Excerpts from a dataset:
══════════════════════════════

(* Let $L$ be a Lelek fan with top $v$, let $W$ be a wedge in $L$, and let $L'\subseteq L$ be a subcontinuum that is a Lelek fan such that 1. $L'\cap W$ is a Lelek fan, and 2. there is a Cantor fan $C$ with $L'\cap W\subseteq C\subseteq W$. Then there is no retraction from $L$ onto $L'$.
   Context: A continuum is a nonempty compact connected metric space. A dendroid is an arcwise connected, hereditarily unicoherent continuum. A point $x$ of a dendroid $X$ is a ramification point if $x$ is the top (the branch point) of some simple triod in $X$. A fan is a dendroid with at most one ramification point; this point, if it exists, is called the top of the fan. For a fan $X$, a point $x$ is an end point of $X$ if $x$ is an end point of every arc in $X$ containing $x$; $E(X)$ denotes the set of end points of $X$. A fan $X$ with top $v$ is smooth if for every $x\in X$ and every sequence $x_n\to x$ in $X$, the arcs from $v$ to $x_n$ converge (in the Hausdorff metric) to the arc from $v$ to $x$. A Lelek fan is a smooth fan $X$ with $\mathrm{Cl}(E(X))=X$. A Cantor fan is a continuum homeomorphic to $\bigcup_{c\in C}A_c\subseteq\mathbb R^2$, where $C\subseteq[0,1]$ is the Cantor middle-third set and $A_c$ is the straight segment from $(\tfrac12,0)$ to $(c,1)$. If $L$ is a Lelek fan with top $v$, a subcontinuum $W\subseteq L$ is a wedge in $L$ if both $W$ and $(L\setminus W)\cup\{v\}$ are Lelek fans. A retraction from a space $X$ onto a subspace $Y$ is a continuous map $r:X\to Y$ with $r(y)=y$ for all $y\in Y$. *)

From HB Require Import structures.
From mathcomp Require Import all_boot all_order all_algebra.
From mathcomp Require Import all_classical all_reals.
From mathcomp Require Import topology normedtype.
Set Implicit Arguments. Unset Strict Implicit. Unset Printing Implicit Defensive.
Import Order.TTheory GRing.Theory Num.Theory.
Import numFieldNormedType.Exports.
Local Open Scope classical_set_scope.
Local Open Scope ring_scope.

Section Fans.
Variable R : realType.

Definition homeo_sets {S U : topologicalType} (A : set S) (B : set U)
  (f : S -> U) (g : U -> S) : Prop :=
  [/\ {within A, continuous f}, {within B, continuous g},
      f @` A `<=` B, g @` B `<=` A &
      (forall x, A x -> g (f x) = x) /\ (forall y, B y -> f (g y) = y)].

Definition homeomorphic {S U : topologicalType} (A : set S) (B : set U) : Prop :=
  exists f g, homeo_sets A B f g.

Variable T : pseudoMetricType R.

Definition arc_from (A : set T) (x y : T) : Prop :=
  exists (f : R -> T) (g : T -> R),
    homeo_sets (`[0, 1] : set R) A f g /\ f 0 = x /\ f 1 = y.

Definition arc (A : set T) : Prop := exists x y, arc_from A x y.

Definition arc_endpoint (A : set T) (x : T) : Prop := exists y, arc_from A x y.

Definition continuum (X : set T) : Prop :=
  X !=set0 /\ compact X /\ connected X.

Definition arcwise_connected (X : set T) : Prop :=
  forall x y, X x -> X y -> x <> y -> exists A, A `<=` X /\ arc_from A x y.

Definition hereditarily_unicoherent (X : set T) : Prop :=
  forall A B, A `<=` X -> B `<=` X -> continuum A -> continuum B ->
    connected (A `&` B).

Definition dendroid (X : set T) : Prop :=
  [/\ continuum X, arcwise_connected X & hereditarily_unicoherent X].

Definition ramification_point (X : set T) (x : T) : Prop :=
  exists (A1 A2 A3 : set T) (y1 y2 y3 : T),
    [/\ A1 `|` A2 `|` A3 `<=` X,
        arc_from A1 x y1, arc_from A2 x y2, arc_from A3 x y3 &
        [/\ A1 `&` A2 = [set x], A1 `&` A3 = [set x] & A2 `&` A3 = [set x]]].

Definition fan (X : set T) : Prop :=
  dendroid X /\
  (forall x y, ramification_point X x -> ramification_point X y -> x = y).

Definition end_points (X : set T) : set T :=
  [set x | X x /\ forall A, A `<=` X -> arc A -> A x -> arc_endpoint A x].

Definition arc_in_from (X : set T) (v x : T) (B : set T) : Prop :=
  B `<=` X /\ ((x = v /\ B = [set v]) \/ (x <> v /\ arc_from B v x)).

Definition hausdorff_cvg (Bs : nat -> set T) (B : set T) : Prop :=
  forall e : R, 0 < e -> \forall n \near \oo,
    (forall y, Bs n y -> exists z, B z /\ ball z e y) /\
    (forall z, B z -> exists y, Bs n y /\ ball z e y).

Definition smooth_fan (X : set T) (v : T) : Prop :=
  fan X /\
  forall (x : T) (u : nat -> T) (B : set T) (Bs : nat -> set T),
    X x -> (forall n, X (u n)) -> u @ \oo --> x ->
    arc_in_from X v x B -> (forall n, arc_in_from X v (u n) (Bs n)) ->
    hausdorff_cvg Bs B.

Definition lelek_fan_top (X : set T) (v : T) : Prop :=
  [/\ smooth_fan X v, ramification_point X v & closure (end_points X) = X].

Definition lelek_fan (X : set T) : Prop := exists v, lelek_fan_top X v.

Definition wedge (L W : set T) (v : T) : Prop :=
  [/\ W `<=` L, lelek_fan W & lelek_fan ((L `\` W) `|` [set v])].

Definition retraction (X Y : set T) (r : T -> T) : Prop :=
  [/\ {within X, continuous r}, r @` X `<=` Y & forall y, Y y -> r y = y].

End Fans.

Definition cantor_approx (R : realType) : nat -> set R :=
  fix ca (n : nat) : set R :=
  match n with
  | 0 => `[0, 1]%classic
  | n.+1 => ((fun x => x / 3) @` ca n) `|`
            ((fun x => (x + 2) / 3) @` ca n)
  end.

Definition cantor_set (R : realType) : set R :=
  \bigcap_(n in [set: nat]) @cantor_approx R n.

(* union of segments from (1/2, 0) to (c, 1), c in the Cantor set *)
Definition cantor_fan_model (R : realType) : set (R * R) :=
  [set p | exists c t, [/\ @cantor_set R c, t \in `[0, 1]%R &
            p = ((1 - t) * 2^-1 + t * c, t)]].

Definition cantor_fan (R : realType) (T : pseudoMetricType R) (C : set T) : Prop :=
  homeomorphic (@cantor_fan_model R) C.

(* Since the Cantor set is totally disconnected, a connected subset of the
   Cantor fan C that misses its top lies on a single leg and is a segment
   there.  The Lelek fan K = L' ∩ W ⊆ C contains an arc, hence a segment
   [al, be] of some leg c0, which we may assume avoids v.  Points of that
   segment lie outside the closed set (L \ W) ∪ {v}, so by compactness of
   [al, be] a retraction r : L -> L' maps the whole segment of every leg c
   near c0 into K, moving heights only slightly.  End points of K are dense,
   so there is one, e, near the middle of the segment of c0; its leg is mapped
   by r onto a segment of that same leg containing e = r e in its interior,
   and an interior point of an arc in K is not an end point of K. *)

From HB Require Import structures.
From mathcomp Require Import all_boot all_order all_algebra.
From mathcomp Require Import all_classical all_reals.
From mathcomp Require Import topology normedtype.
From mathcomp Require Import ring lra.
Set Implicit Arguments. Unset Strict Implicit. Unset Printing Implicit Defensive.
Import Order.TTheory GRing.Theory Num.Theory.
Import numFieldNormedType.Exports.
Local Open Scope classical_set_scope.
Local Open Scope ring_scope.

Section CantorSet.
Variable R : realType.
Local Notation cantor := (@cantor_set R).

Lemma cantor_approx_itv n (c : R) : cantor_approx n c -> 0 <= c <= 1.
Proof.
elim: n c => [|n IH] c /=; first by rewrite in_itv.
by case=> -[x /IH /andP[x0 x1] <-]; apply/andP; split; lra.
Qed.

Lemma cantor_approx_interval_length n (c1 c2 : R) : c1 < c2 ->
  (forall c, c1 <= c <= c2 -> cantor_approx n c) -> (c2 - c1) * 3 ^+ n <= 1.
Proof.
elim: n c1 c2 => [|n IH] c1 c2 c12 sub.
  have /cantor_approx_itv/andP[? ?] := sub c1 ltac:(apply/andP; split; lra).
  have /cantor_approx_itv/andP[? ?] := sub c2 ltac:(apply/andP; split; lra).
  rewrite expr0 mulr1; lra.
(* The interval lies in one of the two thirds, whose preimage is three times
   longer, or it contains 1/2, which lies in neither. *)
have [c2l|c2g] := ltP c2 (2/3).
  have : (3 * c2 - 3 * c1) * 3 ^+ n <= 1.
    apply: IH => [|d /andP[d1 d2]]; first lra.
    have /= [] := sub (d / 3) ltac:(apply/andP; split; lra).
      by case=> x xA xd; rewrite -[d](_ : x = d) //; lra.
    by case=> x /cantor_approx_itv /andP[? ?] ?; lra.
  by rewrite exprS; lra.
have [c1g|c1l] := ltP (1/3) c1.
  have : ((3 * c2 - 2) - (3 * c1 - 2)) * 3 ^+ n <= 1.
    apply: IH => [|d /andP[d1 d2]]; first lra.
    have /= [] := sub ((d + 2) / 3) ltac:(apply/andP; split; lra).
      by case=> x /cantor_approx_itv /andP[? ?] ?; lra.
    by case=> x xA xd; rewrite -[d](_ : x = d) //; lra.
  by rewrite exprS; lra.
have /= [] := sub (1/2) ltac:(apply/andP; split; lra).
  by case=> x /cantor_approx_itv /andP[? ?] ?; lra.
by case=> x /cantor_approx_itv /andP[? ?] ?; lra.
Qed.

Lemma cantor_set_no_interval (c1 c2 : R) : c1 < c2 ->
  ~ (forall c, c1 <= c <= c2 -> cantor c).
Proof.
move=> c12 sub; pose n := (Num.Def.truncn ((c2 - c1)^-1)).+1.
have n_gt : (c2 - c1)^-1 < n%:R by apply: truncnS_gt.
have n_le : (n%:R : R) <= 3 ^+ n.
  by rewrite -natrX ler_nat ltnW // ltn_expl.
have := cantor_approx_interval_length c12 (fun c hc => sub c hc n I).
have c12_inv : (c2 - c1) * (c2 - c1)^-1 = 1 by rewrite divff // gt_eqF ?subr_gt0.
nra.
Qed.

Lemma connected_cantor_set_eq (S : set R) x y : connected S -> S `<=` cantor ->
  S x -> S y -> x = y.
Proof.
move=> /connected_intervalP iS SC Sx Sy.
suff not_lt a b : S a -> S b -> ~ a < b.
  by apply/eqP; rewrite eq_le !leNgt; apply/andP; split; apply/negP;
    [exact: not_lt Sy Sx | exact: not_lt Sx Sy].
move=> Sa Sb ab.
exact: (cantor_set_no_interval ab (fun c hc => SC _ (iS a b Sa Sb c hc))).
Qed.

End CantorSet.

Section CantorFanModel.
Variable R : realType.
Local Notation cantor := (@cantor_set R).
Local Notation M := (@cantor_fan_model R).

(* [fan_point c t] is the point at height [t] of the leg of the model from the
   top (1/2, 0) to (c, 1); [fan_base] recovers [c] at positive heights. *)
Definition fan_point (c t : R) : R * R := ((1 - t) * 2^-1 + t * c, t).
Definition fan_base (p : R * R) : R := (p.1 - (1 - p.2) * 2^-1) / p.2.
Definition fan_top : R * R := (2^-1, 0).

Lemma fan_baseK c t : t != 0 -> fan_base (fan_point c t) = c.
Proof. by move=> t0; rewrite /fan_base /fan_point /=; field. Qed.

Lemma cantor_fan_model_point c t : cantor c -> 0 <= t <= 1 -> M (fan_point c t).
Proof. by move=> cc t01; exists c, t; split => //; rewrite in_itv. Qed.

Lemma cantor_fan_modelP p : M p -> p.2 != 0 ->
  [/\ p = fan_point (fan_base p) p.2, cantor (fan_base p) & 0 < p.2 <= 1].
Proof.
move=> [c [t [cc]]]; rewrite in_itv /= => /andP[t0 t1] -> /= tn0.
have -> : fan_base ((1 - t) * 2^-1 + t * c, t) = c by exact: (fan_baseK c tn0).
by split => //; rewrite lt0r tn0 t0 t1.
Qed.

Lemma cantor_fan_model_height0 p : M p -> p.2 = 0 -> p = fan_top.
Proof.
by move=> [c [t [cc _ ->]]] /= ->; rewrite /fan_top subr0 mul1r mul0r addr0.
Qed.

Lemma fan_base_continuous p : p.2 != 0 -> {for p, continuous fan_base}.
Proof.
move=> p2; apply: cvgM; last by apply: cvgV => //; exact: cvg_snd.
apply: cvgB; first exact: cvg_fst.
by apply: cvgM; [apply: cvgB; [exact: cvg_cst | exact: cvg_snd] | exact: cvg_cst].
Qed.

══════════════════════════════

### PROBLEM DETAILS
Read through the data and copy every line where "first" shows up.

### TASK SOLUTION
elim: n c => [|n IH] c /=; first by rewrite in_itv.
    apply: IH => [|d /andP[d1 d2]]; first lra.
    apply: IH => [|d /andP[d1 d2]]; first lra.
apply: cvgB; first exact: cvg_fst.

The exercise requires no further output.